Cicero’s treatise, St. Augustine says, was an “exhortation to philosophy,” and the effect of Cicero’s treatise on the young Augustine was such that it filled him with a magnum incendium, a “burning desire,” to devote himself to acquiring wisdom.  At the time ignorant of, or perhaps better oblivious to, Christ, he was nevertheless “enkindled and inflamed to love, to seek, to obtain, to hold, and to embrace, not this or that sect, but wisdom itself, wherever it might be.”

Eventually, the quest for happiness through wisdom brought him to the Incarnate Word, Jesus.  And when St. Augustine put his faith in Jesus, he found out that Jesus was the fulfillment of all his yearnings, that satisfaction of all his hopes.  His only sorrow was that he did not come upon him early enough.  Too late did he begin to love the Truth who had a name!

St. Edith Stein, whose own pilgrimage in truth led her from philosophy to Jesus and to becoming a Carmelite nun and taking the name Sister Teresa Benedicta of the Cross, traveled on this Augustinian road to God.  As John Paul II stated in his Homily for her canonization on October 11, 1998:

“The love of Christ was the fire that inflamed the life of St Teresa Benedicta of the Cross.
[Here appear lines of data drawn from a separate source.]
(** * Automatic sequences with a finite 2-kernel *)

Lemma half_ltn n : 0 < n -> n./2 < n.
Proof. by move=> n_gt0; rewrite ltn_half_double; lia. Qed.

Lemma bits_lsb_fuel f1 f2 n : n <= f1 -> n <= f2 -> bits_lsb f1 n = bits_lsb f2 n.
Proof.
elim: f1 f2 n => [|f1 IH] [|f2] n //=; rewrite ?leqn0.
- by move=> /eqP ->.
- by move=> _ /eqP ->.
case: (posnP n) => [-> //|n_gt0] le1 le2; congr (_ :: _).
by apply: IH; rewrite -ltnS; apply: leq_trans (half_ltn n_gt0) _.
Qed.

Lemma bits_lsb_half n : 0 < n -> bits_lsb n n = odd n :: bits_lsb n./2 n./2.
Proof.
case: n => // n _; rewrite [LHS]/=; congr (_ :: _).
by apply: bits_lsb_fuel => //; rewrite -ltnS (half_ltn (ltn0Sn n)).
Qed.

Lemma base2_rcons (b : bool) k : 0 < k -> base2 (b + k.*2) = rcons (base2 k) b.
Proof.
move=> k_gt0; rewrite /base2 bits_lsb_half ?half_bit_double; last by case: b; lia.
by rewrite rev_cons oddD odd_double addbF; case: b.
Qed.

Section FiniteKernel.

Variables (x : iword) (D : finType) (F : D -> iword).
Hypothesis kernel_in_F :
  forall e i, i < 2 ^ e -> exists d, forall m, F d m = x (2 ^ e * m + i).

Definition kernel_index (d : D) : Prop :=
  exists e i, i < 2 ^ e /\ forall m, F d m = x (2 ^ e * m + i).

Lemma kernel_index_decimate d (b : bool) : kernel_index d ->
  exists d', kernel_index d' /\ forall m, F d' m = F d (b + m.*2).
Proof.
case=> e [i [lt_i Fd]].
have lt_i' : b * 2 ^ e + i < 2 ^ e.+1 by rewrite expnS; case: b; lia.
have [d' Fd'] := kernel_in_F lt_i'.
exists d'; split; first by exists e.+1, (b * 2 ^ e + i).
by move=> m; rewrite Fd' Fd expnS; congr x; lia.
Qed.

Definition kernel_step (d : D) (b : bool) : D :=
  epsilon (inhabits d) (fun d' => kernel_index d' /\ forall m, F d' m = F d (b + m.*2)).

Lemma kernel_stepP d b : kernel_index d ->
  kernel_index (kernel_step d b) /\ forall m, F (kernel_step d b) m = F d (b + m.*2).
Proof. by move/(kernel_index_decimate b); apply: epsilon_spec. Qed.

Lemma kernel_step_bits n d : kernel_index d -> F (foldl kernel_step d (bits_lsb n n)) 0 = F d n.
Proof.
elim/ltn_ind: n d => n IH d kd; case: (posnP n) => [-> //|n_gt0].
have [kd' Fd'] := kernel_stepP (odd n) kd.
by rewrite bits_lsb_half //= IH ?half_ltn // Fd' odd_double_half.
Qed.

Lemma automatic2_of_kernel : automatic2 x.
Proof.
have [d0 Fd0] := kernel_in_F (e := 0) (i := 0) isT.
have kd0 : kernel_index d0 by exists 0, 0.
(* The steps consume the least significant digit first, whereas the automaton reads [base2 n]
   from the most significant one: its state is the composite of the steps read so far. *)
pose delta (phi : {ffun D -> D}) b := [ffun d => phi (kernel_step d b)].
have run s phi : foldl delta phi (rev s) = [ffun d => phi (foldl kernel_step d s)].
  elim: s phi => [|b s IH] phi; first by apply/ffunP => d; rewrite !ffunE.
  by rewrite rev_cons foldl_rcons IH; apply/ffunP => d; rewrite !ffunE.
exists {ffun D -> D}, [ffun d => d], delta, (fun phi : {ffun D -> D} => F (phi d0) 0) => n.
by rewrite /base2 run !ffunE kernel_step_bits // Fd0 mul1n addn0.
Qed.

End FiniteKernel.

Definition desubst (c : nat -> nat) (y : nat -> iword) : Prop :=
  forall j n, y j n = prepend (pword (c j.+1)) (mu (y j.+1)) n.

Definition code_chain (c : nat -> nat) (y : nat -> iword) : Prop :=
  forall j, factorizes (y j) (c j.+1) (y j.+1).

Lemma code_chain_desubst c y : code_chain c y -> desubst c y.
Proof. by move=> chain j; case: (chain j) => _ []. Qed.

Lemma is_code_chain x c : is_code x c ->
  exists y, [/\ y 0 =1 x, forall j, overlap_free (y j) & code_chain c y].
Proof.
case=> c_le4 [y [y0 [ovf yE]]]; exists y; split=> // j.
by split; [exact: c_le4 | split; [exact: ovf | exact: (yE j.+1)]].
Qed.

Fixpoint code_offset (c : nat -> nat) (e : nat) : nat :=
  if e is e'.+1 then code_offset c e' + 2 ^ e' * size (pword (c e)) else 0.

Lemma code_offset_lt c e : code_offset c e < 2 ^ e.+1.
Proof.
elim: e => [|e IH] //=; have := size_pword (c e.+1).
by rewrite [2 ^ e.+2]expnS [2 ^ e.+1]expnS in IH *; nia.
Qed.

Lemma desubst_offset x c y : y 0 =1 x -> desubst c y ->
  forall e n, y e n = x (2 ^ e * n + code_offset c e).
Proof.
move=> y0 yE; elim=> [|e IH] n; first by rewrite y0 mul1n addn0.
rewrite -(mu_even (y e.+1)) -(prepend_size_add (pword (c e.+1))) -yE IH /= expnS.
by congr x; nia.
Qed.

Lemma bit_split e n : n < 2 ^ e.+1 -> n = (2 ^ e <= n) * 2 ^ e + n %% 2 ^ e.
Proof.
rewrite expnS mul2n -addnn => lt_n; case: leqP => [le_n|lt_n'] /=.
- by rewrite mul1n -{2}(subnK le_n) modnDr modn_small ?subnK //; lia.
- by rewrite mul0n modn_small.
Qed.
Long before she realized it, she was caught by this fire.  At the beginning she devoted herself to freedom.  For a long time Edith Stein was a seeker.  Her mind never tired of searching and her heart always yearned for hope.  She traveled the arduous path of philosophy with passionate enthusiasm.  Eventually she was rewarded: she seized the truth.  Or better: she was seized by it.  Then she discovered that truth had a name: Jesus Christ.  From that moment on, the incarnate Word was her One and All.  Looking back as a Carmelite on this period of her life, she wrote to a Benedictine nun: ‘Whoever seeks the truth is seeking God, whether consciously or unconsciously.'”

Would that the fire for truth, the burning desire for truth that seized the souls of St. Augustine of Hippo and St. Edith Stein, saints fifteen centuries apart, catch a hold of all of us and take us, consciously or unconsciously, into the path of the Truth who has a name.  His name is Jesus.